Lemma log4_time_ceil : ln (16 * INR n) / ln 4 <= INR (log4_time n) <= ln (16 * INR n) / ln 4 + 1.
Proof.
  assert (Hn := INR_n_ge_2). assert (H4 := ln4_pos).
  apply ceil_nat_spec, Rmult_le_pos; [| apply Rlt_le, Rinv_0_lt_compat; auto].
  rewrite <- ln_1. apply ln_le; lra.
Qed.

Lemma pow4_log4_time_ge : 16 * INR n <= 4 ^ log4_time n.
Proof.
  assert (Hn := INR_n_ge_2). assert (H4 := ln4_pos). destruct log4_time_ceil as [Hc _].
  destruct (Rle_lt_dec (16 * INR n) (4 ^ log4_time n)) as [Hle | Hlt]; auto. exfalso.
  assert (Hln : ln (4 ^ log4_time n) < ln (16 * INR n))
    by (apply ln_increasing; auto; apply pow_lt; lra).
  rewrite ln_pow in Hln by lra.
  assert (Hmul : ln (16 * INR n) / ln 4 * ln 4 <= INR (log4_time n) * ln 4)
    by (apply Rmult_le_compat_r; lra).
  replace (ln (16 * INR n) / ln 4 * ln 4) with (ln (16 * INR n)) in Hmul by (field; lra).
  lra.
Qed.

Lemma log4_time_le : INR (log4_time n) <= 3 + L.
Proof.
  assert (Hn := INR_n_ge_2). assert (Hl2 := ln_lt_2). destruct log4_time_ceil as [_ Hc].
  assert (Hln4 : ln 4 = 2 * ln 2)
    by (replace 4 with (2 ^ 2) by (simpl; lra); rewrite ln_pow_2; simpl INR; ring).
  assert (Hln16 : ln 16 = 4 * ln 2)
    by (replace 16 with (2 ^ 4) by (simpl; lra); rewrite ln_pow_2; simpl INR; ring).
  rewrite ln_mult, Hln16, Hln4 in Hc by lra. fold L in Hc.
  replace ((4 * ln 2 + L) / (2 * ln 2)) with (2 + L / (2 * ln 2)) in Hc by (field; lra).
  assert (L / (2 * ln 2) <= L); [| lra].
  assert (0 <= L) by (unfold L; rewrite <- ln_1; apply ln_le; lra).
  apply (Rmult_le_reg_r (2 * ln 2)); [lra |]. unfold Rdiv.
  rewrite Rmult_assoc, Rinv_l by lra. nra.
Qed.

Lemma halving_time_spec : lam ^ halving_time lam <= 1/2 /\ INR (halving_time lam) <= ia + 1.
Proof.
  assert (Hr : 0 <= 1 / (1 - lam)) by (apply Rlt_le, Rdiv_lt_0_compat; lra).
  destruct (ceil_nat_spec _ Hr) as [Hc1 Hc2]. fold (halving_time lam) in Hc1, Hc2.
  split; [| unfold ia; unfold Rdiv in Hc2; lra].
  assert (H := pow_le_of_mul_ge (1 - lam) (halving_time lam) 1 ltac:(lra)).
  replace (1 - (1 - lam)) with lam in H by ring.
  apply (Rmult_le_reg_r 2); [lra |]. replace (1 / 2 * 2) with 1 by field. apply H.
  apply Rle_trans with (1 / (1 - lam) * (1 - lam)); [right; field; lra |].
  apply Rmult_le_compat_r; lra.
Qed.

---

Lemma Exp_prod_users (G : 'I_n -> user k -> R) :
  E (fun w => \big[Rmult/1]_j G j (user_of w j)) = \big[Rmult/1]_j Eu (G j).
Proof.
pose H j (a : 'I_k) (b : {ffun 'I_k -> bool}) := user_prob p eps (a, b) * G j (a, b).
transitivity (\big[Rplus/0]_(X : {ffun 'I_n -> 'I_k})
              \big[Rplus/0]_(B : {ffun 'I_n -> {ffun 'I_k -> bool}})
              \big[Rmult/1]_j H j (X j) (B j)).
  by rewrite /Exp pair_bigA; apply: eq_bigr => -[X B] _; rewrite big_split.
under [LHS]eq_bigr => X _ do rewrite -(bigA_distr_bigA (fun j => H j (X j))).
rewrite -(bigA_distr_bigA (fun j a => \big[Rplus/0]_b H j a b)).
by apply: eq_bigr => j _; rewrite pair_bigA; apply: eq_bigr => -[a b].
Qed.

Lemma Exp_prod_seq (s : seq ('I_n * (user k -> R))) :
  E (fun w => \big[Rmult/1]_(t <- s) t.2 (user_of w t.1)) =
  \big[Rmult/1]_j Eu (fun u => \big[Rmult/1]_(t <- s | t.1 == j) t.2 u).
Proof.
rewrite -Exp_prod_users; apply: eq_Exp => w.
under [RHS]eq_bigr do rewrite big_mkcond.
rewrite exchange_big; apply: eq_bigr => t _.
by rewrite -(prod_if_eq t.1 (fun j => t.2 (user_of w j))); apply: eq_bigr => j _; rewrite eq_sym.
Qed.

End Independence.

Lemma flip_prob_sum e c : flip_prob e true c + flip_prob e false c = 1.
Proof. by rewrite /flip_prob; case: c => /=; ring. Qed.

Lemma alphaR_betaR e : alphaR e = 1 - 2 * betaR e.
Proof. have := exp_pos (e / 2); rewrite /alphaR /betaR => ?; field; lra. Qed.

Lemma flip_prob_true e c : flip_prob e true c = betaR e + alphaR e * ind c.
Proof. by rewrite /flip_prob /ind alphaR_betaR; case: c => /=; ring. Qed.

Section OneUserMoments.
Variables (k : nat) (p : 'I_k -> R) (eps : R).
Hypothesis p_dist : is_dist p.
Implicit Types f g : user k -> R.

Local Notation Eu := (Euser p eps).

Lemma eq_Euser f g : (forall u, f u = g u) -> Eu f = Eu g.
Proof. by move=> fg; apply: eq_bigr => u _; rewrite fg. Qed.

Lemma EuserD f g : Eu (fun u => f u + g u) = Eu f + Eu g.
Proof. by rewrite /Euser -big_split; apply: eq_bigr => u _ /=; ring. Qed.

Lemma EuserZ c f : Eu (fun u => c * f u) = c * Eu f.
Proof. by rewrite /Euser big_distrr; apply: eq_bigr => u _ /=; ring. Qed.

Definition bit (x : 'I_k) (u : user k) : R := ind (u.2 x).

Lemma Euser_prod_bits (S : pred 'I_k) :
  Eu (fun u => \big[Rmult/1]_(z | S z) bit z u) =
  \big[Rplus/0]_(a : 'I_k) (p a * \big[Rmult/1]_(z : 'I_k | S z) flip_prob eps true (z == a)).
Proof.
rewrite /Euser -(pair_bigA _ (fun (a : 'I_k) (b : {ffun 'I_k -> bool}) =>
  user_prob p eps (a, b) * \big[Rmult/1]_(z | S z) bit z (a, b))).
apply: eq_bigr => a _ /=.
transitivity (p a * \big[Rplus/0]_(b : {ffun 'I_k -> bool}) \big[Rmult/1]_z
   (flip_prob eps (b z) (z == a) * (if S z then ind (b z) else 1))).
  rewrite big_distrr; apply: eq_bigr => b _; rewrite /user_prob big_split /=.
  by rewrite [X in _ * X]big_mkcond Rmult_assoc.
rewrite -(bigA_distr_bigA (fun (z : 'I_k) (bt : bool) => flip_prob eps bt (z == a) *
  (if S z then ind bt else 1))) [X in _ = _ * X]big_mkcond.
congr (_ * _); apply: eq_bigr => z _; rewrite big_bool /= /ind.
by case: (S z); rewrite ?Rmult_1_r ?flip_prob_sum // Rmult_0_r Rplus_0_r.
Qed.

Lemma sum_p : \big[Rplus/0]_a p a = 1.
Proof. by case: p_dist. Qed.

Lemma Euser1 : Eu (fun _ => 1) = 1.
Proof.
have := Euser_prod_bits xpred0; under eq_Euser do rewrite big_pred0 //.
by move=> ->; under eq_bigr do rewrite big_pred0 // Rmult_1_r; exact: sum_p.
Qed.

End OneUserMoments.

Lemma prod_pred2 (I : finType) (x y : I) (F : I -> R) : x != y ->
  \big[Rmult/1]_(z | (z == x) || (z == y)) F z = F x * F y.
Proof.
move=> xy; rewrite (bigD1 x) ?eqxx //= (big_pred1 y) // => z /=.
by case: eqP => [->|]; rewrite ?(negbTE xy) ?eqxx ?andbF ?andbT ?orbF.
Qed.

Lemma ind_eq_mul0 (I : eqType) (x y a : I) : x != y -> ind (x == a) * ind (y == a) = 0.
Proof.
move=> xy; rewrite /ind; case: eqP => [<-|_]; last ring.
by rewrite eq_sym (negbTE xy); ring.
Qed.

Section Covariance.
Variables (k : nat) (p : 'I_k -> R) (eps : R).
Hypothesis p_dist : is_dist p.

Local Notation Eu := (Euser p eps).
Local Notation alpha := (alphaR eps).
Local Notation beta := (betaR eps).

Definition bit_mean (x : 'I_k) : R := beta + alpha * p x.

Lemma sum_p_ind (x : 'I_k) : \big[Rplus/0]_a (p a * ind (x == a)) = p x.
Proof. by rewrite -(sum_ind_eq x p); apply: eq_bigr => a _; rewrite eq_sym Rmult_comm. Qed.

--

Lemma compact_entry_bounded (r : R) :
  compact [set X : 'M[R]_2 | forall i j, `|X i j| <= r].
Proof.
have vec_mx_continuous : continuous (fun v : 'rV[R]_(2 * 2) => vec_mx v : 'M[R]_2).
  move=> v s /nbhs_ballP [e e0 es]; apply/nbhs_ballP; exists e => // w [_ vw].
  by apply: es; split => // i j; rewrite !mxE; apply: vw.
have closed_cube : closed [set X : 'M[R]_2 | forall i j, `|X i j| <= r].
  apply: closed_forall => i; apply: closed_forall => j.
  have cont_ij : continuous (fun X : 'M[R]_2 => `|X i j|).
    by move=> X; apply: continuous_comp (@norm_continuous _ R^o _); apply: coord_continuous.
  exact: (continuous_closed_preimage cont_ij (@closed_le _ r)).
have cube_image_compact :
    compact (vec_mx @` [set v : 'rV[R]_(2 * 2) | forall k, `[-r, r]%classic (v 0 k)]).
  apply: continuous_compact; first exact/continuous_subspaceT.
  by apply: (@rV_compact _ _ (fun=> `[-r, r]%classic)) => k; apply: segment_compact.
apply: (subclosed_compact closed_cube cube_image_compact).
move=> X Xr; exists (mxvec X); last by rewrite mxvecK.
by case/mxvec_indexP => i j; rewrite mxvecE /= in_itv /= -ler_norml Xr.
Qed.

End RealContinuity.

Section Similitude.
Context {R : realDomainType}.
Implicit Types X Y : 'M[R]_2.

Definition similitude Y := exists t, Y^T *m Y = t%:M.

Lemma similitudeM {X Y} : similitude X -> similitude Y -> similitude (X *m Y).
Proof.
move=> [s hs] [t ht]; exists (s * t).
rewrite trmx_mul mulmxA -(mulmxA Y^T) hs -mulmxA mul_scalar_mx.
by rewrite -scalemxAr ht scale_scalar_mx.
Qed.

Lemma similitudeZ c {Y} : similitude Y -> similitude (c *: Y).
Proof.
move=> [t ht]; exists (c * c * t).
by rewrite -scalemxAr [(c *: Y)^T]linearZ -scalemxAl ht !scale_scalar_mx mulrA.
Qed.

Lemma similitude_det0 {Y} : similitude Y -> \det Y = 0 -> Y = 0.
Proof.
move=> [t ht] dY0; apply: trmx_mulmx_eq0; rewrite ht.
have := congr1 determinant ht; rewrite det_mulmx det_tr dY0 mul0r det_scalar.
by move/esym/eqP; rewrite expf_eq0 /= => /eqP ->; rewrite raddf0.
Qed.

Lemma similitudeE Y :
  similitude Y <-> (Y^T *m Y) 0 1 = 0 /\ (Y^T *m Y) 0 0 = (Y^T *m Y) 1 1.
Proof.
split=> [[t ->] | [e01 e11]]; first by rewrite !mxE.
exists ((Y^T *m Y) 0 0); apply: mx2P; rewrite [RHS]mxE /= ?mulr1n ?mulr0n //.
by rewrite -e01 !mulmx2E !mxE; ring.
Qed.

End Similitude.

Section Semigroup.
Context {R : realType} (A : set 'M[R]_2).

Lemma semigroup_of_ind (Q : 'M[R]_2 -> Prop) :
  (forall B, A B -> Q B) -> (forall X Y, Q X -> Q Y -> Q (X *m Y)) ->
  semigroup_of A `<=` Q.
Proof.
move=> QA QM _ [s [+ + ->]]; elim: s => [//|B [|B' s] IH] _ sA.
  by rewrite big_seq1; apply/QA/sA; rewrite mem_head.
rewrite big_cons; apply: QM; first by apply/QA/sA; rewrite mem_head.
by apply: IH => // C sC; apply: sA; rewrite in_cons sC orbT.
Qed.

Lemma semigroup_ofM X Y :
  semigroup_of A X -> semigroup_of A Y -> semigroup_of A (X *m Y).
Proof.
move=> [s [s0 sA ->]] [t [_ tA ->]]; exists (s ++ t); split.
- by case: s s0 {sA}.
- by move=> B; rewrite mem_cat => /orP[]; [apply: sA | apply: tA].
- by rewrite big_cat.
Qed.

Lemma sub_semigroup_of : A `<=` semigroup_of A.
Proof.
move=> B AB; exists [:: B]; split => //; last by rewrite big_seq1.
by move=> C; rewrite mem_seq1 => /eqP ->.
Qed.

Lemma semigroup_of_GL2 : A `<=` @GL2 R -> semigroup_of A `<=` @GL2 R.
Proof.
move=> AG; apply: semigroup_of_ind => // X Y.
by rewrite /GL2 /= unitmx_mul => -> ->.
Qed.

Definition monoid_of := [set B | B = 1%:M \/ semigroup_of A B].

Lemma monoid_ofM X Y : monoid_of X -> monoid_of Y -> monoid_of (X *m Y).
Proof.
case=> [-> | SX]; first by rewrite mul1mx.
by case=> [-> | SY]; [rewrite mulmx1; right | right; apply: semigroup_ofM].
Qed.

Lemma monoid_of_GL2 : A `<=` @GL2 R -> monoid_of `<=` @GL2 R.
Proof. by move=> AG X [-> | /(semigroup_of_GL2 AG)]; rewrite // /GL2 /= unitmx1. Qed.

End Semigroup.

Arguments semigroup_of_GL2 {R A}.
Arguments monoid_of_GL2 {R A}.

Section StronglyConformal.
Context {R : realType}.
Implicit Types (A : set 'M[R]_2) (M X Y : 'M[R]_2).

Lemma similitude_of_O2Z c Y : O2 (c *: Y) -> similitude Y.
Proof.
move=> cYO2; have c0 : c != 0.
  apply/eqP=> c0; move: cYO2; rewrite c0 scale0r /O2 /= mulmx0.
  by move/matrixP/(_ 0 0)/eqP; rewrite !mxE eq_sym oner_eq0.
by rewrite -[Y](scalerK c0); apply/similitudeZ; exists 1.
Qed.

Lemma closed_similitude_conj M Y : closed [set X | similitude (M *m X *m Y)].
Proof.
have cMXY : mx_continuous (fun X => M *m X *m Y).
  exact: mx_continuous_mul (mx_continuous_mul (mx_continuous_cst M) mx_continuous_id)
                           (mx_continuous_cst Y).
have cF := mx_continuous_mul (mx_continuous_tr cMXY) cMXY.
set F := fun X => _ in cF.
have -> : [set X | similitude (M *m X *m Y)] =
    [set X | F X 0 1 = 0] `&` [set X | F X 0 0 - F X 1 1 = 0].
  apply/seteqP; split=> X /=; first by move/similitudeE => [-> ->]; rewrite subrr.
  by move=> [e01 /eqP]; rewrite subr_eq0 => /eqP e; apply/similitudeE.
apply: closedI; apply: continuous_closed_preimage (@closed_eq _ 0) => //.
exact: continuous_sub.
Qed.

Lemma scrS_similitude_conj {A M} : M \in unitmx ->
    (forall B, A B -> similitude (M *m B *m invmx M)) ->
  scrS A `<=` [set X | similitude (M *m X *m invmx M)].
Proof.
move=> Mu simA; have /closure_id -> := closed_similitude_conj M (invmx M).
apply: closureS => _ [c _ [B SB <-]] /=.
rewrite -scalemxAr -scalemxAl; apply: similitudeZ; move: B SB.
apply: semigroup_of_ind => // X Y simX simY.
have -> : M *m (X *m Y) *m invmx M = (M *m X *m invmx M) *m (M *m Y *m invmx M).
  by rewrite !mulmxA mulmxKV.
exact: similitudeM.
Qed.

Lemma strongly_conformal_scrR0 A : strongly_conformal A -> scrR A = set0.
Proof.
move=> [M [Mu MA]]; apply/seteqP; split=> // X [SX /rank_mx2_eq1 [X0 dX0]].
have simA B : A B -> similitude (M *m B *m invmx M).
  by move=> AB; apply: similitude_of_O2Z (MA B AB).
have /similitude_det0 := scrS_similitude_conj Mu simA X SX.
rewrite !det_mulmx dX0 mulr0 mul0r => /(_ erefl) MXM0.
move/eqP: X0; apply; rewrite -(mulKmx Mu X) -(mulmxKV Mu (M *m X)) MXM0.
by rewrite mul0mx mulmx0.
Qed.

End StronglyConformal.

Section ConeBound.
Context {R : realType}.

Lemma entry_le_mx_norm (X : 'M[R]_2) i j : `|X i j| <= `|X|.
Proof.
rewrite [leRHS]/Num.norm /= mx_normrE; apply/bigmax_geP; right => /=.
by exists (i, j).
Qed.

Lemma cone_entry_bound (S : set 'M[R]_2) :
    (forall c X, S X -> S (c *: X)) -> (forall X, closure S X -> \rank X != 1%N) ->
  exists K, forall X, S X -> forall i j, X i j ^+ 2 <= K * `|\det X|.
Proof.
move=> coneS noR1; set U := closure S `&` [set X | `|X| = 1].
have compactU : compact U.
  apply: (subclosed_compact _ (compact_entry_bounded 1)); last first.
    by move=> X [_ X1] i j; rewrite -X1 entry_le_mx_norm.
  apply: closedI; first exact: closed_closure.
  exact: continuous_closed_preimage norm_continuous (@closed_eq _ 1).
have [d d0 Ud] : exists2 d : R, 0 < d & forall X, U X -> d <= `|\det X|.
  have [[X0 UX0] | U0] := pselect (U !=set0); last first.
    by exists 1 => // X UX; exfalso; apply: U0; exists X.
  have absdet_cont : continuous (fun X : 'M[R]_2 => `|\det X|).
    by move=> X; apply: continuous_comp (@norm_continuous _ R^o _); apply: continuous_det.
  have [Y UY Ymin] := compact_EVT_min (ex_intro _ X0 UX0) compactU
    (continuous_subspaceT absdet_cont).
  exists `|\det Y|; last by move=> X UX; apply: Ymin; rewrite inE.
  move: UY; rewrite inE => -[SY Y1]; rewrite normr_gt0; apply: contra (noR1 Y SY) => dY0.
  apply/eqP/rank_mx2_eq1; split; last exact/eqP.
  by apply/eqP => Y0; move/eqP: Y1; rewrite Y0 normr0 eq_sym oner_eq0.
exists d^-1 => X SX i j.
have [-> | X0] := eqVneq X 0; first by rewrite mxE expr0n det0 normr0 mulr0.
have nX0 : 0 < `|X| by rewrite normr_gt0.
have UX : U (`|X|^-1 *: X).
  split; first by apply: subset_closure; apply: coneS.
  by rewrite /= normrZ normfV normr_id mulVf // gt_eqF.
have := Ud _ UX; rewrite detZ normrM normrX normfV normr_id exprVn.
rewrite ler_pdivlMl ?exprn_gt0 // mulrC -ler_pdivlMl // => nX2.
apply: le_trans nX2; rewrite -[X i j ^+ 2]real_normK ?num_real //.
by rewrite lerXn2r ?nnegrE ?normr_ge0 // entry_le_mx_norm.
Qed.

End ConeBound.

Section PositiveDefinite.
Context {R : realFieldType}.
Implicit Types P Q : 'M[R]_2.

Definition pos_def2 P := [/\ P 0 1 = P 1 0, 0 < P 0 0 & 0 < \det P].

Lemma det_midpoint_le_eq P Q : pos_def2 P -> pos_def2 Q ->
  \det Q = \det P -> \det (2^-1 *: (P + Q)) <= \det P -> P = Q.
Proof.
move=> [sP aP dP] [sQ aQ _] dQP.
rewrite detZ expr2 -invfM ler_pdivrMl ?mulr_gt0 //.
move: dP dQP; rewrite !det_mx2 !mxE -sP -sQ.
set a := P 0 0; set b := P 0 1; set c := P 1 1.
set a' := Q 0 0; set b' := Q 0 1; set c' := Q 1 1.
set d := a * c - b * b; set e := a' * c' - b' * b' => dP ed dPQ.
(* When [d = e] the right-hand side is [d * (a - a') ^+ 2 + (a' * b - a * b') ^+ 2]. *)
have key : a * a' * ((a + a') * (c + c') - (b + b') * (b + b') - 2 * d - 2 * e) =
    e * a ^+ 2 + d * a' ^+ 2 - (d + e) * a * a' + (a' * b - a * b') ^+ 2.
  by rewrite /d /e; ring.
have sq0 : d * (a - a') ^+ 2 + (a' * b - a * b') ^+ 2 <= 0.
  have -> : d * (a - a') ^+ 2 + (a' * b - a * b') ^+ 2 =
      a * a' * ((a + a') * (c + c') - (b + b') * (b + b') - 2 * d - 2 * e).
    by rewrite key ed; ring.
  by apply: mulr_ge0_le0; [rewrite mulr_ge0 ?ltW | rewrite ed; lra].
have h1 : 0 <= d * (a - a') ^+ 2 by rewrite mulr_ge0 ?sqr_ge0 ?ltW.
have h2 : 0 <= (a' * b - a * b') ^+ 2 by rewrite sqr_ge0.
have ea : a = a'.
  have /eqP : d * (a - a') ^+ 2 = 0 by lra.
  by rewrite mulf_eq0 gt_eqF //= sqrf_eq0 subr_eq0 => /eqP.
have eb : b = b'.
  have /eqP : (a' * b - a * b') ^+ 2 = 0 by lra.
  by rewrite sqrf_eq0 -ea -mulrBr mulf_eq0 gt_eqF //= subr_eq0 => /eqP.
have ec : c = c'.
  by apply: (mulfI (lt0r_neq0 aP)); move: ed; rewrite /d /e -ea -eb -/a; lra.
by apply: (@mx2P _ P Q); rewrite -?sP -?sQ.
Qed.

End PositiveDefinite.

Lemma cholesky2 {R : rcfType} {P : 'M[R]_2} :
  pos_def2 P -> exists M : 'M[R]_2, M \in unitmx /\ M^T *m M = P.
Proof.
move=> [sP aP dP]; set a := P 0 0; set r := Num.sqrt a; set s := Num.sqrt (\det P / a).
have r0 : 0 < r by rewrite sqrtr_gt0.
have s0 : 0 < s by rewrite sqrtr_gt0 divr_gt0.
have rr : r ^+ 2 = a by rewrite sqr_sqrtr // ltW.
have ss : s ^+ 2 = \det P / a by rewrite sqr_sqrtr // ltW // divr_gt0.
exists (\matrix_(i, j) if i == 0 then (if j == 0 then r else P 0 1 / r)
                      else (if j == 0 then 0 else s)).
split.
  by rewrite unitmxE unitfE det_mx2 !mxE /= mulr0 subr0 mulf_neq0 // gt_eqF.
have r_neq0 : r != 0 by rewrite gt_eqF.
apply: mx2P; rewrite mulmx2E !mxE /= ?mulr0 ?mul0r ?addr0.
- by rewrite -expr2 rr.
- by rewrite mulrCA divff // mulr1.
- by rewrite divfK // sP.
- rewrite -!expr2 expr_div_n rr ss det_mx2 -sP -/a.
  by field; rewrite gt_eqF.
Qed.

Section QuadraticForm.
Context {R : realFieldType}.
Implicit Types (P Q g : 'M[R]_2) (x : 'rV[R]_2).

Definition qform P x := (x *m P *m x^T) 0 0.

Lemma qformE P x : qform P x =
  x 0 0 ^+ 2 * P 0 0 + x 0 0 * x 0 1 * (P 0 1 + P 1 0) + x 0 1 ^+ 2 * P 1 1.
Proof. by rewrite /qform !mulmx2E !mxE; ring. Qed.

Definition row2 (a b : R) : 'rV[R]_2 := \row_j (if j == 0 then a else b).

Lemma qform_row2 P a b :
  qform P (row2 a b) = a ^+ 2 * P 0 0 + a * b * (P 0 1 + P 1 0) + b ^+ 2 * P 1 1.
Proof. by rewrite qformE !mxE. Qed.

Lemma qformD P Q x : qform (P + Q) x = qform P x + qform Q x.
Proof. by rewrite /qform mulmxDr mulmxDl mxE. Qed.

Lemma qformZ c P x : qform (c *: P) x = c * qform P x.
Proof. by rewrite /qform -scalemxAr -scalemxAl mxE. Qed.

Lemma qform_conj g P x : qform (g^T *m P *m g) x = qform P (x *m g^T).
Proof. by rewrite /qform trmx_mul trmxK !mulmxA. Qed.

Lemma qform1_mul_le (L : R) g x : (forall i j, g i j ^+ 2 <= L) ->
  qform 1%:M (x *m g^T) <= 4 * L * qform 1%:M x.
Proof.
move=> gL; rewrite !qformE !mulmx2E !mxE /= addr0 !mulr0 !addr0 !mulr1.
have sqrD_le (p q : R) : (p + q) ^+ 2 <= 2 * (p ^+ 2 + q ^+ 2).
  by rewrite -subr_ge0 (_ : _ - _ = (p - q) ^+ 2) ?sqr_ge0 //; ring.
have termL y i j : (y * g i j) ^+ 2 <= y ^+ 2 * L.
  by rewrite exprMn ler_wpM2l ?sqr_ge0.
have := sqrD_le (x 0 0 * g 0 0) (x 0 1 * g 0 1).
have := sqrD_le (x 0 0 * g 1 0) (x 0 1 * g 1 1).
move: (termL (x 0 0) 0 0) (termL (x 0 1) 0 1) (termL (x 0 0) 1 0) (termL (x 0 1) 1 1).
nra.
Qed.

TASK PROMPT: In the listing, find all lines with the string "StronglyConformal" and copy them.

ANSWER AREA:
Section StronglyConformal.
End StronglyConformal.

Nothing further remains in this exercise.